Приятно взволнованный важным разговором, я шел сквозь листопад, который то ли притворялся равнодушным, то ли действительно не боялся смерти. Я все ворочал в себе разговор с учительницей и сейчас, на просторе, одна ее фраза показалась мне странной и тревожною - о мертвых вещах. Я задумался: камни, кирпичи, листья... Конечно же, я не знал тогда Ахматовой - «У Бога мертвых нет», но листопад, то плавным и мудрым, то стремительным и отчаянным своим бесстрашием, словно бы говорил то же самое. Вдруг кто-то хлопнул меня по шее. Мгновенно, как волчонок, обернувшись не шеей, а всем телом, я увидел супостата - небольшого и испуганного. Скорее для приличия «трахнув» его своею полевою сумкою, я заметил, что мальчик смущен таким поворотом дела. Убедившись, что я именно тот, кто ему был нужен, он сказал, что мне «письмо» от «миронихи» и посмотрел окрест с суровой политичностью. Споткнулась моя душа: «Что с ней - три дня в школе нету?» - «Хворая, - отвечал угрюменький посол, - в больницу хотят покласть». Впервые в жизни я вскрыл конверт - на голубой промокашке были нетвердые печатные буквы. Вначале, не без торжественности, я назван был не уменьшительным, а полным своим именем. Далее следовало: «Я болею. Пожалуйста! Достань мне сченка. Прошу очень? Отдай Эммануилу. Он мне даст. Не хворай Мария». «Эммануил - ты что ли? - Он кивнул. - Не русский что ли?» «Русский, - хрипло сказал мальчик с безнадежной серьезностью и добавил, - ответ пиши». Я задумался - «пиши», писать я умел тоже только печатными буквами, да и то, не все слова, а большей частью те, что встречались на вывесках, лозунгах и заголовках газет - бывало я их срисовывал, практикуясь в русской грамоте. «Ты в каком классе?» - спросил я мальчика. «В третьем». - «Тогда помогай мне писать – я еще в первом».

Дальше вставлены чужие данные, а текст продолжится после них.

Definition dist_R (x y : R) : R := Rabs (x - y).
Definition dist_R2 (p q : R * R) : R :=
  sqrt ((fst p - fst q) ^ 2 + (snd p - snd q) ^ 2).

Definition equi_baire1 {X : Type} (D : X -> Prop) (rho : X -> X -> R)
  (F : nat -> X -> R) : Prop :=
  forall eps : R, 0 < eps ->
  exists delta : X -> R, (forall x, D x -> 0 < delta x) /\
    forall x y, D x -> D y -> forall n : nat,
      rho x y < Rmin (delta x) (delta y) -> Rabs (F n x - F n y) < eps.

Definition open_R (U : R -> Prop) : Prop :=
  forall x, U x -> exists e, 0 < e /\ forall y, Rabs (y - x) < e -> U y.
Definition closed_R (C : R -> Prop) : Prop := open_R (fun x => ~ C x).
Definition closure_R (A : R -> Prop) (x : R) : Prop :=
  forall e, 0 < e -> exists y, A y /\ Rabs (y - x) < e.
Definition nowhere_dense_R (N : R -> Prop) : Prop :=
  ~ exists x e, 0 < e /\ forall y, Rabs (y - x) < e -> closure_R N y.
Definition meager_R (M : R -> Prop) : Prop :=
  exists N : nat -> R -> Prop, (forall n, nowhere_dense_R (N n)) /\
    forall x, M x -> exists n, N n x.
Definition G_delta_R (A : R -> Prop) : Prop :=
  exists U : nat -> R -> Prop, (forall n, open_R (U n)) /\
    forall x, A x <-> forall n, U n x.
Definition countable_R (A : R -> Prop) : Prop :=
  exists f : nat -> R, forall x, A x -> exists n, f n = x.

Definition bernstein (B : R -> Prop) : Prop :=
  forall C : R -> Prop, closed_R C -> ~ countable_R C ->
    (exists x, C x /\ B x) /\ (exists x, C x /\ ~ B x).

(* Every section of g has at most one nonzero point, so it is equi-Baire 1 with
   delta(y) = |y - c| away from the exceptional point c.  On A x R, equi-Baire 1 with
   eps = 1 yields a positive delta on A such that B(w) <-> B(z) for delta-close
   w, z in A.  As A is nonmeager, the points of A with delta >= 1/(n+1) are dense in
   some interval I for some n, so by the Baire category theorem the part of A in I is an
   uncountable G_delta set on which B is constant, which a Bernstein set cannot be.
   A set B meeting and missing every uncountable G_delta set is built by transfinite
   recursion: every uncountable G_delta set contains a Cantor set, hence continuum many
   points, so there is always a fresh point left to put into B or its complement. *)

From Stdlib Require Import Reals Lra Lia Classical ClassicalEpsilon FunctionalExtensionality Cantor.
From mathcomp Require ssreflect ssrbool eqtype boolp wochoice Rstruct.
Open Scope R_scope.

Lemma small_radius a b c d : 0 < a -> 0 < b -> 0 < c -> 0 < d ->
  exists r, 0 < r /\ r < a /\ r < b /\ r < c /\ r < d.
Proof.
  intros Ha Hb Hc Hd. exists (Rmin a (Rmin b (Rmin c d)) / 2).
  pose proof (Rmin_l a (Rmin b (Rmin c d))). pose proof (Rmin_r a (Rmin b (Rmin c d))).
  pose proof (Rmin_l b (Rmin c d)). pose proof (Rmin_r b (Rmin c d)).
  pose proof (Rmin_l c d). pose proof (Rmin_r c d).
  assert (0 < Rmin a (Rmin b (Rmin c d))) by (repeat apply Rmin_glb_lt; assumption).
  repeat split; lra.
Qed.

Lemma countable_sub (S T : R -> Prop) :
  (forall x, S x -> T x) -> countable_R T -> countable_R S.
Proof. intros H [f Hf]. exists f. intros x Sx. apply Hf, H, Sx. Qed.

(* [qr] enumerates the rationals: the triple (a, b, c) codes (a - b) / (c + 1). *)
Definition qr (n : nat) : R :=
  let (a, bc) := Cantor.of_nat n in let (b, c) := Cantor.of_nat bc in
  (INR a - INR b) / (INR c + 1).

Мы сели на тесаные бревна - коричневая внутри и серая снаружи, кора их валялась рядом. Кленовые листья, опавшие на нее, казались похожими на иноземные награды, кои видел я в газетах на дивно изукрашенных грудях легендарных сталинских маршалов. Мне вспомнились милые мне фамилии и лица - Рокоссовский, Жуков, Василевский, Конев; я опечалился, вспомнив незабвенное и милое лицо Ивана Даниловича Черняховского. Я вздохнул, он погиб, не дожив и до сорока лет, и просто не успел удостоиться звания Маршала Советского Союза и третьей золотой звезды. Исправляя несправедливость, я нарисовал его «портрет» с теми знаками отличия и почета, кои считал по праву ему принадлежащими. Эммануил меня потолкал: «Ты чего, не переживай, пиши». Я пристроил на коленях полевую свою сумку и стал писать первое в своей жизни письмо. Оно оказалось и последним по простоте и силе чувств. Это неудивительно: настоящая жизнь кончается гораздо раньше, чем полагаем мы, опьяненные ее суетой и дикой ее прелестью. Писал я на ярко розовой промокашке, в наших кругах они ценились за «цвет», и я полагал, что Маша останется довольною. Мальчик со странным именем и к Маше имел отношение не совсем обыкновенное - он оказался ее племянником. Облизывая химический карандаш, я смутно чувствовал особую выразительность житейских странностей, улыбнулся даже: «Тетя Маша - под стол пешком ходит». Но, тем не менее, крупные печатные буквы я выводил с особым прилежанием - радовать опечаленных, было моей потребностью, присущей, как мне тогда казалось, вообще всем людям - как грусть, гнев, веселье.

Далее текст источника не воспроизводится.